» What to work on
Nothing but the lines below between the line holding "- by case=> <- /=; rewrite dom_w; lia." and the line holding "elim: w => [|b", inclusive, should appear in the answer, each set down exactly.

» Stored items

★ ★ ★ ★

(* Let $d\geq 1$ and $c\geq 0$ be integers. Let $R_{d,c}$ be the set of all two-dimensional decompositions with parameters $b=2$, $d$, $c$ (of any integer $w\in\{0,\dots,2dc\}$), i.e. the set of all $2\times d$ matrices with entries in $\{0,\dots,c\}$ weakly decreasing along rows and down columns. Let $FBT_{d,c+1}$ be the set of finite full binary trees with exactly $c+1$ left fathers (the root included) and exactly $d$ right fathers. Then there is a bijection between $R_{d,c}$ and $FBT_{d,c+1}$.
   Context: Two-dimensional decomposition: given integers $d\geq1$, $b\geq 1$, $c\geq 0$, $w\geq 0$, a two-dimensional decomposition of $w$ with parameters $d,b,c$ is a $b\times d$ matrix $(a_{i,j})$ with all $a_{i,j}\in\{0,\dots,c\}$, weakly decreasing along each row and down each column, with $\sum a_{i,j}=w$. A full binary tree is a finite rooted planar tree in which every vertex has either no children or exactly two children (a left child and a right child). The root is regarded as a left vertex; left children are left vertices and right children are right vertices. A father is a vertex with two children; left (resp. right) fathers are fathers that are left (resp. right) vertices. *)

From mathcomp Require Import all_boot all_order all_algebra.
Set Implicit Arguments. Unset Strict Implicit. Unset Printing Implicit Defensive.

Definition two_dim_decomp (d b c w : nat) (A : 'M[nat]_(b, d)) : Prop :=
  (forall i j, A i j <= c) /\
  (forall (i : 'I_b) (j j' : 'I_d), j <= j' -> A i j' <= A i j) /\
  (forall (i i' : 'I_b) (j : 'I_d), i <= i' -> A i' j <= A i j) /\
  (\sum_(i < b) \sum_(j < d) A i j)%N = w.

Definition R_dc (d c : nat) : Type :=
  {A : 'M[nat]_(2, d) | exists w : nat, @two_dim_decomp d 2 c w A}.

Inductive fbtree : Type :=
| Leaf : fbtree
| Node : fbtree -> fbtree -> fbtree.

(* Number of left (resp. right) fathers in a subtree whose root is a left
   vertex iff isl = true. *)
Fixpoint lfathers (t : fbtree) (isl : bool) : nat :=
  match t with
  | Leaf => 0
  | Node l r => (isl : nat) + lfathers l true + lfathers r false
  end.

Fixpoint rfathers (t : fbtree) (isl : bool) : nat :=
  match t with
  | Leaf => 0
  | Node l r => ((~~ isl) : nat) + rfathers l true + rfathers r false
  end.

(* The root is regarded as a left vertex. *)
Definition left_fathers (t : fbtree) : nat := lfathers t true.
Definition right_fathers (t : fbtree) : nat := rfathers t true.

Definition FBT (d k : nat) : Type :=
  {t : fbtree | left_fathers t = k /\ right_fathers t = d}.

From mathcomp Require Import all_boot all_order all_algebra.
From mathcomp Require Import zify.
From Stdlib Require Import ProofIrrelevance ClassicalEpsilon.
Set Implicit Arguments. Unset Strict Implicit. Unset Printing Implicit Defensive.

(* A full binary tree is determined by its preorder word (true for a father, false for a
   leaf); the preorder words are the words with one more leaf than fathers in which every
   nonempty suffix has more leaves than fathers.  In such a word the letters true count the
   fathers and the factors [true; false] count the right fathers plus one.  A matrix of
   R_{d,c} is sent to the word [rows_word] of its two rows: the suffix condition holds
   because the bottom row lies below the top one, the word has c + d + 1 letters true and
   d + 1 factors [true; false], and the rows are read back from the lengths of its runs. *)

Lemma injective_surjective_bijective (A B : Type) (f : A -> B) :
  injective f -> (forall y, exists x, f x = y) -> bijective f.
Proof.
move=> f_inj f_surj.
pose g y := proj1_sig (constructive_indefinite_description _ (f_surj y)).
have gK : cancel g f by move=> y; rewrite /g; case: constructive_indefinite_description.
by exists g => // x; apply: f_inj; rewrite gK.
Qed.

Lemma nseq_cat_inj (x : bool) u1 u2 w1 w2 :
  head (~~ x) w1 = ~~ x -> head (~~ x) w2 = ~~ x ->
  nseq u1 x ++ w1 = nseq u2 x ++ w2 -> u1 = u2 /\ w1 = w2.
Proof.
move=> head1 head2; elim: u1 u2 => [|u1 IHu] [|u2] //=.
- by move=> eq12; rewrite eq12 /= in head1; clear -head1; case: x head1.
- by move=> eq12; rewrite -eq12 /= in head2; clear -head2; case: x head2.
- by case=> /IHu[-> ->].
Qed.

Lemma nseq_run (x : bool) w : exists n w', w = nseq n x ++ w' /\ head (~~ x) w' = ~~ x.
Proof.
elim: w => [|y w [n [w' [-> head_w']]]]; first by exists 0, [::].
case: (eqVneq y x) => [->|neq_yx]; first by exists n.+1, w'.
by exists 0, (y :: nseq n x ++ w'); split=> //=; case: x y neq_yx {head_w'} => [] [].
Qed.

Lemma all2_nth (S T : Type) (r : S -> T -> bool) x0 y0 s t i :
  all2 r s t -> i < size s -> r (nth x0 s i) (nth y0 t i).
Proof.
elim: s t i => [|x s IHs] [|y t] [|i] //= /andP[rxy rst]; first by [].
by rewrite ltnS; apply: IHs.
Qed.

(** * Preorder words of full binary trees *)

Fixpoint preorder (t : fbtree) : seq bool :=
  if t is Node l r then true :: preorder l ++ preorder r else [:: false].

Definition decode_step (b : bool) (o : option (seq fbtree)) : option (seq fbtree) :=
  if o is Some s then
    if b then (if s is l :: r :: s' then Some (Node l r :: s') else None)
    else Some (Leaf :: s)
  else None.

Definition decode_stack (w : seq bool) : option (seq fbtree) :=
  foldr decode_step (Some [::]) w.

Definition decode (w : seq bool) : fbtree :=
  if decode_stack w is Some [:: t] then t else Leaf.

Fixpoint leaf_dominated (w : seq bool) : bool :=
  if w is _ :: s then (count id w < count negb w) && leaf_dominated s else true.

Lemma leaf_dominated_catr w1 w2 : leaf_dominated (w1 ++ w2) -> leaf_dominated w2.
Proof. by elim: w1 => //= b w1 IHw1 /andP[_ /IHw1]. Qed.

Lemma decode_preorder t s :
  foldr decode_step (Some s) (preorder t) = Some (t :: s).
Proof. by elim: t s => [|l IHl r IHr] s //=; rewrite foldr_cat IHr IHl. Qed.

Lemma preorderK : cancel preorder decode.
Proof. by move=> t; rewrite /decode /decode_stack decode_preorder. Qed.

Lemma flatten_decode_stack w s :
  decode_stack w = Some s -> flatten (map preorder s) = w.
Proof.
elim: w s => [|b w IHw] s /=; first by case=> <-.
rewrite /decode_stack /= -/(decode_stack w).
case: (decode_stack w) (IHw) => [s'|//] /(_ s' erefl).
case: b => [|<- [<-] //].
by case: s' => [|l [|r s']] //= <- [<-] /=; rewrite catA.
Qed.

Lemma decode_stack_dominated w s : decode_stack w = Some s ->
  leaf_dominated w /\ count id w + size s = count negb w.
Proof.
elim: w s => [|b w IHw] s /=; first by case=> <-.
rewrite /decode_stack /= -/(decode_stack w).
case: (decode_stack w) (IHw) => [s'|//] /(_ s' erefl) [dom_w count_w].
case: b => /=.
- by case: s' count_w => [|l [|r s']] //= count_w [<-] /=; rewrite dom_w; lia.
- by case=> <- /=; rewrite dom_w; lia.
Qed.

Lemma dominated_decode_stack w : leaf_dominated w ->
  exists2 s, decode_stack w = Some s & count id w + size s = count negb w.
Proof.
elim: w => [|b w IHw] /=; first by exists [::].
case/andP=> lt_w /IHw[s' dec_w count_w].
rewrite /decode_stack /= -/(decode_stack w) dec_w.
case: b lt_w => /= lt_w; last by exists (Leaf :: s') => //=; lia.
case: s' dec_w count_w => [|l [|r s']] //= dec_w count_w; try lia.
by exists (Node l r :: s') => //=; lia.
Qed.

Lemma preorder_dominated t :
  leaf_dominated (preorder t) /\ count negb (preorder t) = (count id (preorder t)).+1.
Proof.
have [dom_t count_t] := decode_stack_dominated (decode_preorder t [::]).
by split=> //; rewrite -count_t addn1.
Qed.

Lemma decodeK w : leaf_dominated w -> count negb w = (count id w).+1 ->
  preorder (decode w) = w.
Proof.
move=> /dominated_decode_stack[s dec_w count_w] count_leaves.
have : size s = 1 by lia.
rewrite /decode dec_w; case: s dec_w {count_w} => [|t []] // dec_w _.
by have := flatten_decode_stack dec_w; rewrite /= cats0.
Qed.

Fixpoint peaks (w : seq bool) : nat :=
  if w is b :: w' then (b && ~~ head true w') + peaks w' else 0.

Lemma last_preorder t b : last b (preorder t) = false.
Proof. by elim: t b => [|l IHl r IHr] b //=; rewrite last_cat IHr. Qed.

Lemma peaks_cat w1 w2 : last true w1 = false -> peaks (w1 ++ w2) = peaks w1 + peaks w2.
Proof.
elim: w1 => [|b [|b' w1] IHw1] //=; first by move=> ->.
by move=> /IHw1 /= ->; rewrite addnA.
Qed.

Lemma peaks_le_count w : peaks w <= count id w.
Proof. by elim: w => //= b w IHw; case: b => /=; lia. Qed.

Lemma peaks_gt0 w : leaf_dominated w -> head false w = true -> 0 < peaks w.
Proof.
elim: w => // b w IHw /= /andP[lt_w dom_w] b_true; subst b.
case: w IHw lt_w dom_w => [|[] w] IHw lt_w dom_w //=.
by have /= := IHw dom_w erefl; lia.
Qed.

Lemma peaks_block u v w : peaks (nseq u.+1 true ++ nseq v.+1 false ++ w) = (peaks w).+1.
Proof.
have peaks_falses n : peaks (nseq n false ++ w) = peaks w by elim: n.
elim: u => [|u IHu] /=; first by rewrite peaks_falses.
by have /= -> := IHu.
Qed.

Lemma count_preorder t isl : count id (preorder t) = lfathers t isl + rfathers t isl.
Proof.
elim: t isl => [|l IHl r IHr] isl //=.
by rewrite count_cat (IHl true) (IHr false); case: isl => /=; lia.
Qed.

(* A factor [true; false] marks a father whose left child is a leaf, i.e. the bottom of a
   maximal chain of left children, and such a chain starts at the root or at a right father. *)
Lemma peaks_preorder t isl :
  peaks (preorder t) = rfathers t isl + (isl && (if t is Node _ _ then true else false)).
Proof.
elim: t isl => [|l IHl r IHr] isl /=; first by rewrite andbF.
rewrite peaks_cat ?last_preorder // (IHl true) (IHr false).
by case: l {IHl} => [|l1 l2]; case: isl => /=; lia.
Qed.

Lemma fathers_preorder t k d :
  left_fathers t = k.+1 /\ right_fathers t = d <->
  count id (preorder t) = k + d + 1 /\ peaks (preorder t) = d.+1.
Proof.
rewrite /left_fathers /right_fathers (count_preorder t true) (peaks_preorder t true).
by case: t => [|l r] /=; split; case; lia.
Qed.

(** * Words of two decreasing rows *)

Fixpoint decreasing_rows (pt pb : nat) (ts bs : seq nat) : bool :=
  match ts, bs with
  | [::], [::] => true
  | t :: ts', b :: bs' => [&& t <= pt, b <= pb, b <= t & decreasing_rows t b ts' bs']
  | _, _ => false
  end.

Lemma decreasing_rows_cons pt pb t b ts bs :
  decreasing_rows pt pb (t :: ts) (b :: bs) =
  [&& t <= pt, b <= pb, b <= t & decreasing_rows t b ts bs].
Proof. by []. Qed.

Lemma decreasing_rowsE pt pb ts bs :
  decreasing_rows pt pb ts bs = [&& path geq pt ts, path geq pb bs & all2 leq bs ts].
Proof.
elim: ts pt pb bs => [|t ts IHts] pt pb [|b bs] //=; rewrite ?andbF // IHts.
by case: (t <= pt) (b <= pb) (b <= t) => [] [] [] //=; rewrite !andbF.
Qed.

Lemma size_decreasing_rows pt pb ts bs :
  decreasing_rows pt pb ts bs -> size ts = size bs.
Proof. by elim: ts pt pb bs => [|t ts IHts] pt pb [|b bs] //= /and4P[_ _ _ /IHts ->]. Qed.

(* [ts] and [bs] are the top and bottom rows, [pt] and [pb] the entries of the column
   preceding them. *)
Fixpoint rows_word (pt pb : nat) (ts bs : seq nat) : seq bool :=
  match ts, bs with
  | t :: ts', b :: bs' =>
      nseq (pb - b).+1 true ++ nseq (pt - t).+1 false ++ rows_word t b ts' bs'
  | _, _ => nseq pb.+1 true ++ nseq pt.+2 false
  end.

(* The trailing [[::]] gives the shape of [peaks_block] and [rows_word_cons]. *)
Lemma rows_word_nil pt pb :
  rows_word pt pb [::] [::] = nseq pb.+1 true ++ nseq pt.+2 false ++ [::].
Proof. by rewrite cats0. Qed.

Lemma rows_word_cons pt pb t b ts bs : rows_word pt pb (t :: ts) (b :: bs) =
  nseq (pb - b).+1 true ++ nseq (pt - t).+1 false ++ rows_word t b ts bs.
Proof. by []. Qed.

Lemma head_rows_word x0 pt pb ts bs : head x0 (rows_word pt pb ts bs) = true.
Proof. by case: ts bs => [|t ts] [|b bs]. Qed.

Lemma peaks_rows_word pt pb ts bs :
  decreasing_rows pt pb ts bs -> peaks (rows_word pt pb ts bs) = (size ts).+1.
Proof.
elim: ts pt pb bs => [|t ts IHts] pt pb [|b bs] //.
- by rewrite rows_word_nil peaks_block.
- by case/and4P=> _ _ _ dec; rewrite rows_word_cons peaks_block IHts.
Qed.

★ ★ ★ ★

» Exercise response
- by case=> <- /=; rewrite dom_w; lia.
Qed.

Lemma dominated_decode_stack w : leaf_dominated w ->
  exists2 s, decode_stack w = Some s & count id w + size s = count negb w.
Proof.
elim: w => [|b w IHw] /=; first by exists [::].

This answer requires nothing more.